Humans have significantly altered biodiversity in all climate zones of the Earth. This has been shown by a study now published in "Science". Led by Prof. Dr. Manuel Steinbauer at the University of Bayreuth, and Dr. Sandra Nogué at the University of Southampton, an international team has investigated how the flora on 27 islands in different regions has developed over the last 5,000 years. Almost everywhere, the arrival of humans has triggered a markedly accelerated change in species composition in previously pristine ecosystems. This dynamic was particularly pronounced on islands colonised in the last 1,500 years.

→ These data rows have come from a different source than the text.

Lemma Rabs_dotv_le n u v : Rabs (dotv n u v) <= vnorm n u * vnorm n v.
Proof.
 pose proof (vnorm_nonneg n u); pose proof (vnorm_nonneg n v).
 apply Rle_of_sqr_le; [nra|].
 rewrite <- Rabs_mult, Rabs_pos_eq by nra.
 rewrite Rmult_assoc, (Rmult_comm (vnorm n v)), Rmult_assoc, vnorm_sqr, <- Rmult_assoc, vnorm_sqr.
 apply dotv_cauchy_schwarz.
Qed.

Lemma vnorm_ext n u v : (forall k, (k < n)%nat -> u k = v k) -> vnorm n u = vnorm n v.
Proof. intros H; unfold vnorm; f_equal; apply sumR_ext; intros; rewrite H; auto. Qed.

Lemma cnorm2_le_sqv n v k : (k < n)%nat -> cnorm2 (v k) <= sqv n v.
Proof.
 intros Hk. apply (sumR_term_le n (fun k => cnorm2 (v k))); auto.
 intros; unfold cnorm2; nra.
Qed.

Lemma Rabs_fst_le_vnorm n v k : (k < n)%nat -> Rabs (fst (v k)) <= vnorm n v.
Proof.
 intros Hk. apply Rle_of_sqr_le; [apply vnorm_nonneg|]. rewrite vnorm_sqr.
 pose proof (cnorm2_le_sqv n v k Hk). unfold cnorm2 in *.
 rewrite <- Rabs_mult, Rabs_pos_eq; nra.
Qed.

Lemma Rabs_snd_le_vnorm n v k : (k < n)%nat -> Rabs (snd (v k)) <= vnorm n v.
Proof.
 intros Hk. apply Rle_of_sqr_le; [apply vnorm_nonneg|]. rewrite vnorm_sqr.
 pose proof (cnorm2_le_sqv n v k Hk). unfold cnorm2 in *.
 rewrite <- Rabs_mult, Rabs_pos_eq; nra.
Qed.

Lemma vnorm_le_sum_Rabs n v :
  vnorm n v <= sumR n (fun k => Rabs (fst (v k)) + Rabs (snd (v k))).
Proof.
 unfold vnorm. induction n; simpl; [rewrite sqrt_0; lra|].
 set (A := sumR n (fun k => cnorm2 (v k))) in *.
 set (B := sumR n (fun k => Rabs (fst (v k)) + Rabs (snd (v k)))) in *.
 assert (HB : 0 <= B)
   by (apply sumR_nonneg; intros j _;
       pose proof (Rabs_pos (fst (v j))); pose proof (Rabs_pos (snd (v j))); lra).
 pose proof (Rabs_pos (fst (v n))); pose proof (Rabs_pos (snd (v n))).
 apply sqrt_le_of_le_sqr; [lra|].
 assert (HA : 0 <= A) by (apply sumR_nonneg; intros; unfold cnorm2; nra).
 assert (sqrt A * sqrt A = A) by (apply sqrt_sqrt; auto). pose proof (sqrt_pos A).
 assert (cnorm2 (v n) = Rabs (fst (v n)) * Rabs (fst (v n)) + Rabs (snd (v n)) * Rabs (snd (v n)))
   by (unfold cnorm2; rewrite <- !Rabs_mult, !Rabs_pos_eq; nra).
 nra.
Qed.

Lemma vnorm_cadd_le n u v : vnorm n (fun k => cadd (u k) (v k)) <= vnorm n u + vnorm n v.
Proof.
 pose proof (vnorm_nonneg n u); pose proof (vnorm_nonneg n v).
 apply sqrt_le_of_le_sqr; [lra|].
 assert (E : sqv n (fun k => cadd (u k) (v k)) = sqv n u + 2 * dotv n u v + sqv n v).
 { unfold sqv, dotv. rewrite <- sumR_scal, <- !sumR_plus.
   apply sumR_ext; intros; unfold cnorm2, cadd; simpl; ring. }
 change (sqv n (fun k => cadd (u k) (v k)) <= (vnorm n u + vnorm n v) * (vnorm n u + vnorm n v)).
 rewrite E, <- (vnorm_sqr n u), <- (vnorm_sqr n v).
 pose proof (Rabs_dotv_le n u v); pose proof (Rle_abs (dotv n u v)). nra.
Qed.

Lemma vnorm_vsub_triangle n u v w : vnorm n (vsub u w) <= vnorm n (vsub u v) + vnorm n (vsub v w).
Proof.
 eapply Rle_trans; [|apply vnorm_cadd_le]. right. apply vnorm_ext; intros.
 unfold vsub, csub, cadd; simpl. f_equal; ring.
Qed.

Lemma vnorm_le_add_vsub n u v : vnorm n u <= vnorm n v + vnorm n (vsub u v).
Proof.
 eapply Rle_trans; [|apply vnorm_cadd_le]. right. apply vnorm_ext; intros.
 unfold vsub, csub, cadd; simpl. destruct (u k); simpl; f_equal; ring.
Qed.

Lemma vnorm_vsub_sym n u v : vnorm n (vsub u v) = vnorm n (vsub v u).
Proof. unfold vnorm; f_equal; apply sumR_ext; intros; unfold vsub, csub, cnorm2; simpl; ring. Qed.

Lemma vnorm_zero n : vnorm n (fun _ => (0, 0)) = 0.
Proof.
 unfold vnorm. replace (sumR n (fun k => cnorm2 (0, 0))) with 0; [apply sqrt_0|].
 transitivity (sumR n (fun _ => 0)); [rewrite sumR_const; ring|].
 apply sumR_ext; intros; unfold cnorm2; simpl; ring.
Qed.

Lemma vnorm_vsub_self n u : vnorm n (vsub u u) = 0.
Proof.
 rewrite <- (vnorm_zero n). apply vnorm_ext; intros; unfold vsub, csub; f_equal; simpl; ring.
Qed.

Lemma vnorm_Phi n w u : vnorm n (Phi w u) = vnorm n u.
Proof.
 unfold vnorm, Phi; f_equal; apply sumR_ext; intros.
 unfold cnorm2, cmul, expi; simpl. pose proof (sin2_cos2 (w k)). unfold Rsqr in *. nra.
Qed.

Lemma vnorm_vsub_Phi n w u v : vnorm n (vsub (Phi w u) (Phi w v)) = vnorm n (vsub u v).
Proof.
 rewrite <- (vnorm_Phi n w (vsub u v)). apply vnorm_ext; intros.
 unfold vsub, Phi, csub, cmul; simpl. f_equal; ring.
Qed.

Lemma vnorm_P_le n X P r v : Lip_X n X P -> 0 <= r -> vnorm n v < r -> vnorm n (P v) <= X r.
Proof. intros [_ [_ H]] Hr Hv. apply (proj1 (H r Hr)); auto. Qed.

Lemma vnorm_P_sub_le n X P r u v : Lip_X n X P -> 0 <= r -> vnorm n u < r -> vnorm n v < r ->
  vnorm n (vsub (P u) (P v)) <= X r * vnorm n (vsub u v).
Proof. intros [_ [_ H]] Hr Hu Hv. apply (proj2 (H r Hr)); auto. Qed.

Lemma Lip_X_nonneg n X P r : Lip_X n X P -> 0 < r -> 0 <= X r.
Proof.
 intros HL Hr. assert (H0 : vnorm n (fun _ => (0, 0)) < r) by (rewrite vnorm_zero; auto).
 pose proof (vnorm_P_le n X P r _ HL ltac:(lra) H0). pose proof (vnorm_nonneg n (P (fun _ => (0, 0)))).
 lra.
Qed.

Lemma vnorm_yflow_le n Lam X P r t b : Lip_X n X P -> 0 <= r -> vnorm n b < r ->
  vnorm n (yflow Lam P t b) <= X r.
Proof.
 intros HL Hr Hb. unfold yflow. rewrite vnorm_Phi.
 apply (vnorm_P_le n X P r); auto. rewrite vnorm_Phi; auto.
Qed.

(** * One-variable calculus for [deriv_within] *)

Lemma continuous_induction (lo hi : R) (Q : R -> Prop) : lo <= hi -> Q lo ->
  (forall s, lo <= s < hi -> (forall t, lo <= t <= s -> Q t) ->
     exists eta, 0 < eta /\ forall t, s < t <= hi -> t < s + eta -> Q t) ->
  (forall s, lo < s <= hi -> (forall t, lo <= t < s -> Q t) -> Q s) ->
  forall t, lo <= t <= hi -> Q t.
Proof.
 intros Hle Q0 Hfw Hcl.
 set (E := fun x => lo <= x <= hi /\ forall t, lo <= t <= x -> Q t).
 assert (Hb : bound E) by (exists hi; intros x [Hx _]; lra).
 assert (Elo : E lo) by (split; [lra|]; intros t Ht; replace t with lo by lra; auto).
 destruct (completeness E Hb (ex_intro _ lo Elo)) as [m [Hub Hlub]].
 assert (Hlm : lo <= m) by (apply Hub; auto).
 assert (Hmh : m <= hi) by (apply Hlub; intros x [Hx _]; lra).
 assert (Gm : forall t, lo <= t <= m -> Q t).
 { assert (G : forall t, lo <= t < m -> Q t).
   { intros t Ht. destruct (classic (exists x, E x /\ t < x)) as [[x [[_ Hx] Htx]]|Hn].
     - apply Hx; lra.
     - exfalso. assert (m <= t); [|lra]. apply Hlub. intros x Ex.
       destruct (Rle_dec x t); auto. exfalso; apply Hn; exists x; split; auto; lra. }
   intros t Ht. destruct (Rlt_dec t m); [apply G; lra|]. replace t with m by lra.
   destruct (Req_dec m lo) as [->|]; auto. apply Hcl; [lra|auto]. }
 assert (m = hi) as ->.
 { destruct (Req_dec m hi); auto. exfalso.
   destruct (Hfw m ltac:(lra) Gm) as [eta [Heta Hq]].
   set (x := Rmin (m + eta/2) hi).
   assert (E x).
   { split; [unfold x, Rmin; destruct Rle_dec; lra|].
     intros t Ht. destruct (Rle_dec t m); [apply Gm; lra|].
     apply Hq; unfold x, Rmin in *; destruct Rle_dec; lra. }
   assert (x <= m) by (apply Hub; auto). unfold x, Rmin in *; destruct Rle_dec; lra. }
 auto.
Qed.
Definition C2_near (f : vec -> R) (x : vec) :=
  exists2 eps : R, 0 < eps &
    forall y : vec, ball x eps y ->
      (forall i : 'I_p, derivable f y (ej i) /\ {for y, continuous (partial f i)}) /\
      (forall i j : 'I_p, derivable (partial f i) y (ej j) /\
                          {for y, continuous (partial (partial f i) j)}).

Definition subdiff (h : vec -> \bar R) (x : vec) : set vec :=
  [set v | h x \is a fin_num /\
           forall y : vec, (h x + (dotp v (y - x))%:E <= h y)%E].

Definition aff_hull (C : set vec) : set vec :=
  [set z | exists (n : nat) (c : 'I_n -> vec) (l : 'I_n -> R),
      (forall i, C (c i)) /\ \sum_(i < n) l i = 1 /\ z = \sum_(i < n) l i *: c i].

Definition rel_interior (C : set vec) : set vec :=
  [set x | C x /\ exists2 eps : R, 0 < eps &
             forall y, ball x eps y -> aff_hull C y -> C y].

End Defs.

Section Defs1.
Variable (R : realType).

Definition convex_ext (h : R -> \bar R) :=
  forall (x y t : R), (0 < t < 1)%R ->
    (h ((t * x + (1 - t) * y)%R) <= t%:E * h x + (1 - t)%:E * h y)%E.

Definition proper_ext (h : R -> \bar R) :=
  (forall x, h x != -oo%E) /\ exists x, h x \is a fin_num.

Definition closed_ext (h : R -> \bar R) := lower_semicontinuous h.

Definition subdiff1 (h : R -> \bar R) (x : R) : set R :=
  [set v | h x \is a fin_num /\ forall y : R, (h x + (v * (y - x))%:E <= h y)%E].

Definition C2_near1 (h : R -> \bar R) (x : R) :=
  exists2 eps : R, 0 < eps & exists u : R -> R,
    forall y : R, `|y - x| < eps ->
      h y = (u y)%:E /\ derivable u y 1 /\ derivable (derive1 u) y 1 /\
      {for y, continuous (derive1n 2 u)}.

The 27 islands selected for this study were never connected to the mainland and had been colonised by humans during the study period. Within these islands, pollen of wind-pollinated plants lies since millenia deposited in the sediments of lakes and bogs. The pollen was extracted from the sediment layers, dated, and identified to a respective plant species.
"For each of the 27 islands, our study shows how vegetation composition has changed over the last 5,000 years. Humans’ colonisation of the previously undisturbed islands falls within this period. We can therefore trace how natural systems change as a result of human arrival. This transformation from a natural to a human-dominated system can only be observed on islands. On continents, humans have been extensively changing ecological systems for a very long time. What a natural ecosystem would look like here, we can often no longer tell," says Steinbauer.
Read more at: Universitat Bayreuth
Pasture landscape on Pico, the second largest island of the Azores. (Photo Credit: © Manuel Steinbauer)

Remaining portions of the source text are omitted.